**TASK ITEM**. Exactly the lines from the opening of the data through the line containing "Context: Setting: $N\ge" should be reproduced, please, with nothing added.

**EXERCISE MATERIAL**.
(* Assume in addition $1\le M\le N/2$. For every $y$ such that either ($Py\equiv0\pmod N$ and $y\ne0$) or ($Py\not\equiv0\pmod N$ and $MPy\not\equiv0\pmod N$), one has $$\frac{N}{4M}\cdot\frac{N}{N-M}\;\ge\;\frac{\Pr_{\mathrm{Amp}}(y)}{\Pr_{\mathrm{QFT}}(y)}\;\ge\;\frac{N}{4M}\cdot\frac{N}{N-M}\Big(1-\frac{2M}{N}\Big)^2,\qquad \frac{N}{2M}\cdot\frac{N}{N-M}\;\ge\;\frac{\Pr_{\mathrm{Amp}}(y)}{\Pr_{\mathrm{QHS}}(y)}\;\ge\;\frac{N}{2M}\cdot\frac{N}{N-M}\Big(1-\frac{2M}{N}\Big)^2,$$ and in fact $\Pr_{\mathrm{Amp}}(y)/\Pr_{\mathrm{QFT}}(y)=\frac{N^2}{4M^2}\tan^2\theta\sin^2(2k\theta)$ and $\Pr_{\mathrm{Amp}}(y)/\Pr_{\mathrm{QHS}}(y)=\frac{N^2}{2M^2}\tan^2\theta\sin^2(2k\theta)$. Consequently, for any nonempty set $S$ of such $y$, the same two chains of inequalities hold with $\Pr(y)$ replaced by $\Pr(S)=\sum_{y\in S}\Pr(y)$ for each algorithm.
   Context: Setting: $N\ge 2$, $\mathcal L=\{0,\dots,N-1\}$, integers $s\ge0,P\ge1,M\ge1$ with $M<N$ and $s+(M-1)P\le N-1$; $A=\{s+rP:r=0,\dots,M-1\}$; $\omega=e^{-2\pi i/N}$; $f=\mathbf 1_A$. Let $\sin\theta=\sqrt{M/N}$, $\theta\in(0,\pi/2)$, $k=\lfloor\pi/(4\theta)\rfloor$, $a_k=\frac{\sin((2k+1)\theta)}{\sqrt M}$, $b_k=\frac{\cos((2k+1)\theta)}{\sqrt{N-M}}$. Define $\Pr_{\mathrm{Amp}}(y)=\big|\frac1{\sqrt N}\sum_z\psi_k(z)\omega^{zy}\big|^2$ where $\psi_k=a_k$ on $A$ and $b_k$ off $A$; $\Pr_{\mathrm{QFT}}(y)=\big|\frac1N\sum_z(-1)^{f(z)}\omega^{zy}\big|^2$; $\Pr_{\mathrm{QHS}}(y)=\frac1{N^2}\big|\sum_{x\in A}\omega^{xy}\big|^2+\frac1{N^2}\big|\sum_{x\notin A}\omega^{xy}\big|^2$. *)

From Stdlib Require Import Reals Lra Lia ZArith Arith List.
Open Scope R_scope.

Definition lsum (l : list nat) (f : nat -> R) : R :=
  fold_right Rplus 0 (map f l).

Definition Lset (N : nat) : list nat := seq 0 N.

Definition inA (s P M z : nat) : bool :=
  existsb (fun r => Nat.eqb z (s + r * P)%nat) (seq 0 M).

(* Real and imaginary parts of sum_{z in l} c z * omega^(z y),
   omega = exp(-2 pi i / N), c real-valued. *)
Definition dftRe (N : nat) (l : list nat) (c : nat -> R) (y : nat) : R :=
  lsum l (fun z => c z * cos (2 * PI * INR z * INR y / INR N)).
Definition dftIm (N : nat) (l : list nat) (c : nat -> R) (y : nat) : R :=
  lsum l (fun z => c z * (- sin (2 * PI * INR z * INR y / INR N))).
Definition sqnorm_dft (N : nat) (l : list nat) (c : nat -> R) (y : nat) : R :=
  (dftRe N l c y) ^ 2 + (dftIm N l c y) ^ 2.

Definition theta (N M : nat) : R := asin (sqrt (INR M / INR N)).
Definition kk (N M : nat) : Z := Int_part (PI / (4 * theta N M)).
Definition a_k (N M : nat) : R :=
  sin ((2 * IZR (kk N M) + 1) * theta N M) / sqrt (INR M).
Definition b_k (N M : nat) : R :=
  cos ((2 * IZR (kk N M) + 1) * theta N M) / sqrt (INR N - INR M).
Definition psi_k (N s P M : nat) (z : nat) : R :=
  if inA s P M z then a_k N M else b_k N M.
Lemma rotation_dart d : dart h d -> dart h (s d).
Proof.
move=> hd; case: (boolP (dart h (s d))) => // not_sd.
have [s_fix _ _] := s_rot.
have sd_d := perm_inj (s_fix _ not_sd).
by rewrite sd_d hd in not_sd.
Qed.

Lemma face_perm_dart d : dart h d -> dart h (phi d).
Proof. by move=> hd; rewrite face_permE; apply/rotation_dart/dart_swap. Qed.

Lemma face_perm_fst d : dart h d -> (phi d).1 = d.2.
Proof. by move=> hd; rewrite face_permE rotation_fst //; apply: dart_swap. Qed.

Lemma face_perm_neq d : dart h d -> phi d != d.
Proof.
move=> hd; apply/eqP => phi_d.
have := face_perm_fst hd; rewrite phi_d => d1_d2.
by move: hd; rewrite /dart d1_d2 h_irr.
Qed.

Lemma face_dart d x : dart h d -> x \in porbit phi d -> dart h x.
Proof.
move=> hd /porbitP[n ->]; rewrite permX.
by elim: n => //= n IHn; apply: face_perm_dart.
Qed.

Lemma cover_faces :
  cover [set porbit phi d | d in [pred d | dart h d]] = [set d | dart h d].
Proof.
apply/setP => x; rewrite inE; apply/bigcupP/idP => [[_ /imsetP[d hd ->]]|hx].
  exact: face_dart.
by exists (porbit phi x); [apply: imset_f | apply: porbit_id].
Qed.

Hypothesis s_fixfree : forall d, dart h d -> s d != d.

Lemma face_perm2_neq d : dart h d -> phi (phi d) != d.
Proof.
move=> hd; apply/eqP => phi2_d.
have phi_d : phi d = (d.2, d.1).
  apply: pair_eta; first exact: face_perm_fst.
  by rewrite -(face_perm_fst (face_perm_dart hd)) phi2_d.
by have := s_fixfree (dart_swap hd); rewrite -face_permE phi_d eqxx.
Qed.

Lemma three_le_card_face d : dart h d -> 3 <= #|porbit phi d|.
Proof.
move=> hd; apply: (uniq_leq_card (sq := [:: d; phi d; phi (phi d)])).
  rewrite /= !inE !negb_or ![d == _]eq_sym face_perm_neq ?face_perm2_neq //=.
  by rewrite eq_sym face_perm_neq ?face_perm_dart.
have phid := porbit_step (porbit_id phi d).
move=> x; rewrite !in_cons in_nil orbF.
by case/or3P => /eqP->; [apply: porbit_id | apply: phid | apply: porbit_step].
Qed.

End FaceTracing.

Lemma crossed_atC (T : finType) k (cr : 'I_k -> (T * T) * (T * T)) i u v :
  crossed_at cr i u v = crossed_at cr i v u.
Proof.
by rewrite /crossed_at /on_edge [((v, u) == _) || _]orbC [((v, u) == (cr i).2) || _]orbC.
Qed.

Section OnePlanarDrawing.
Variables (T : finType) (e : rel T) (k : nat) (cr : 'I_k -> (T * T) * (T * T)).
Variable s : {perm ((T + 'I_k) * (T + 'I_k))}.
Hypotheses (e_sym : symmetric e) (e_irr : irreflexive e).
Hypothesis drawing : one_planar_drawing e cr s.
Local Notation h := (planarization e cr).
Local Notation phi := (face_perm s).

Lemma planarization_sym : symmetric h.
Proof.
move=> [u|i] [v|j] //=; rewrite e_sym.
by congr (_ && ~~ _); apply: eq_existsb => i; rewrite crossed_atC.
Qed.
(* Let $Y$ be a finite connected simple undirected graph. If $Y$ is not bipartite then $\delta(Y)=\tfrac12\kappa(Y)$. If $Y$ is bipartite then $\delta(Y)=\tfrac12(\kappa(Y)+1)$.
   Context: $\mathsf{Acyc}(Y)$ is the set of acyclic orientations of $Y$. A click at a vertex $x$ that is a source of an orientation reverses all edges incident to $x$, making $x$ a sink. Two acyclic orientations are $\kappa$-equivalent if one can be transformed into the other by a finite sequence of clicks; $\kappa(Y)$ is the number of $\kappa$-equivalence classes. For $O\in\mathsf{Acyc}(Y)$ let $O^{\mathrm{rev}}$ denote the orientation with every edge reversed. $\delta$-equivalence is the equivalence relation on $\mathsf{Acyc}(Y)$ generated by clicks and by $O\mapsto O^{\mathrm{rev}}$, and $\delta(Y)$ is the number of $\delta$-equivalence classes. *)

From mathcomp Require Import all_boot.
Set Implicit Arguments. Unset Strict Implicit. Unset Printing Implicit Defensive.

Section Orientations.
Variables (T : finType) (e : rel T).

Definition simple_graph := symmetric e /\ irreflexive e.
Definition connected_graph := forall x y : T, connect e x y.
Definition bipartite := exists c : T -> bool, forall x y, e x y -> c x != c y.

Definition arcs (O : {set T * T}) : rel T := fun x y => (x, y) \in O.

Definition is_orientation (O : {set T * T}) : bool :=
  [forall x, forall y,
     (((x, y) \in O) ==> e x y) &&
     (e x y ==> (((x, y) \in O) (+) ((y, x) \in O)))].

Definition is_acyclic (O : {set T * T}) : bool :=
  [forall x, forall y, ((x, y) \in O) ==> ~~ connect (arcs O) y x].

Definition Acyc : {set {set T * T}} :=
  [set O | is_orientation O && is_acyclic O].

Definition is_source (O : {set T * T}) (x : T) : bool :=
  [forall y, (y, x) \notin O].
(* Let $\Omega\subset\mathbb R^2$ be a smooth, bounded domain, $d_i,\chi,\lambda_i,\mu_i,a_i,b_i>0$ ($i\in\{1,2,3\}$), $0\le u_0,v_0\in\bigcup_{\theta>2}W^{1,\theta}(\Omega)$, $0\le w_0\in C^0(\overline\Omega)$, and let $(u,v,w)$ be the nonnegative, unique maximal classical solution on $\overline\Omega\times[0,T_{\max})$, $T_{\max}\in(0,\infty]$, of $$\begin{cases} u_t = d_1 \Delta u + u(\lambda_1 - \mu_1 u - a_1 v - a_2 w),\\ v_t = d_2 \Delta v + v(\lambda_2 - \mu_2 v + b_1 u - a_3 w),\\ w_t = d_3 \Delta w - \chi \nabla\cdot(w \nabla(uv)) + w(\lambda_3 - \mu_3 w + b_2 u + b_3 v) & \text{in } \Omega\times(0,T_{\max}),\\ \partial_\nu u = \partial_\nu v = \partial_\nu w = 0 & \text{on } \partial\Omega\times(0,T_{\max}),\\ u(\cdot,0)=u_0,\ v(\cdot,0)=v_0,\ w(\cdot,0)=w_0. \end{cases}$$ Then there is $C>0$ such that $\|u\|_{L^\infty(\Omega\times(0,T_{\max}))}\le C$ and $\|v\|_{L^\infty(\Omega\times(0,T_{\max}))}\le C$.
   Context: The maximal classical solution belongs to $(C^{2,1}(\overline\Omega\times[0,T_{\max})))^3\cap C^0([0,T_{\max});W^{1,\theta}(\Omega)\times W^{1,\theta}(\Omega)\times C^0(\overline\Omega))$ for some $\theta>2$; its existence and uniqueness is established in the paper. $\nu$ is the outward unit normal. *)

From mathcomp Require Import all_boot all_order all_algebra.
From mathcomp Require Import all_classical all_reals all_analysis.
Import Order.TTheory GRing.Theory Num.Theory numFieldNormedType.Exports.

Set Implicit Arguments.
Unset Strict Implicit.
Unset Printing Implicit Defensive.

Local Open Scope classical_set_scope.
Local Open Scope ring_scope.

Section PDEDefs.
Variable R : realType.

**THE COMPLETED TASK**.
(* Assume in addition $1\le M\le N/2$. For every $y$ such that either ($Py\equiv0\pmod N$ and $y\ne0$) or ($Py\not\equiv0\pmod N$ and $MPy\not\equiv0\pmod N$), one has $$\frac{N}{4M}\cdot\frac{N}{N-M}\;\ge\;\frac{\Pr_{\mathrm{Amp}}(y)}{\Pr_{\mathrm{QFT}}(y)}\;\ge\;\frac{N}{4M}\cdot\frac{N}{N-M}\Big(1-\frac{2M}{N}\Big)^2,\qquad \frac{N}{2M}\cdot\frac{N}{N-M}\;\ge\;\frac{\Pr_{\mathrm{Amp}}(y)}{\Pr_{\mathrm{QHS}}(y)}\;\ge\;\frac{N}{2M}\cdot\frac{N}{N-M}\Big(1-\frac{2M}{N}\Big)^2,$$ and in fact $\Pr_{\mathrm{Amp}}(y)/\Pr_{\mathrm{QFT}}(y)=\frac{N^2}{4M^2}\tan^2\theta\sin^2(2k\theta)$ and $\Pr_{\mathrm{Amp}}(y)/\Pr_{\mathrm{QHS}}(y)=\frac{N^2}{2M^2}\tan^2\theta\sin^2(2k\theta)$. Consequently, for any nonempty set $S$ of such $y$, the same two chains of inequalities hold with $\Pr(y)$ replaced by $\Pr(S)=\sum_{y\in S}\Pr(y)$ for each algorithm.
   Context: Setting: $N\ge 2$, $\mathcal L=\{0,\dots,N-1\}$, integers $s\ge0,P\ge1,M\ge1$ with $M<N$ and $s+(M-1)P\le N-1$; $A=\{s+rP:r=0,\dots,M-1\}$; $\omega=e^{-2\pi i/N}$; $f=\mathbf 1_A$. Let $\sin\theta=\sqrt{M/N}$, $\theta\in(0,\pi/2)$, $k=\lfloor\pi/(4\theta)\rfloor$, $a_k=\frac{\sin((2k+1)\theta)}{\sqrt M}$, $b_k=\frac{\cos((2k+1)\theta)}{\sqrt{N-M}}$. Define $\Pr_{\mathrm{Amp}}(y)=\big|\frac1{\sqrt N}\sum_z\psi_k(z)\omega^{zy}\big|^2$ where $\psi_k=a_k$ on $A$ and $b_k$ off $A$; $\Pr_{\mathrm{QFT}}(y)=\big|\frac1N\sum_z(-1)^{f(z)}\omega^{zy}\big|^2$; $\Pr_{\mathrm{QHS}}(y)=\frac1{N^2}\big|\sum_{x\in A}\omega^{xy}\big|^2+\frac1{N^2}\big|\sum_{x\notin A}\omega^{xy}\big|^2$. *)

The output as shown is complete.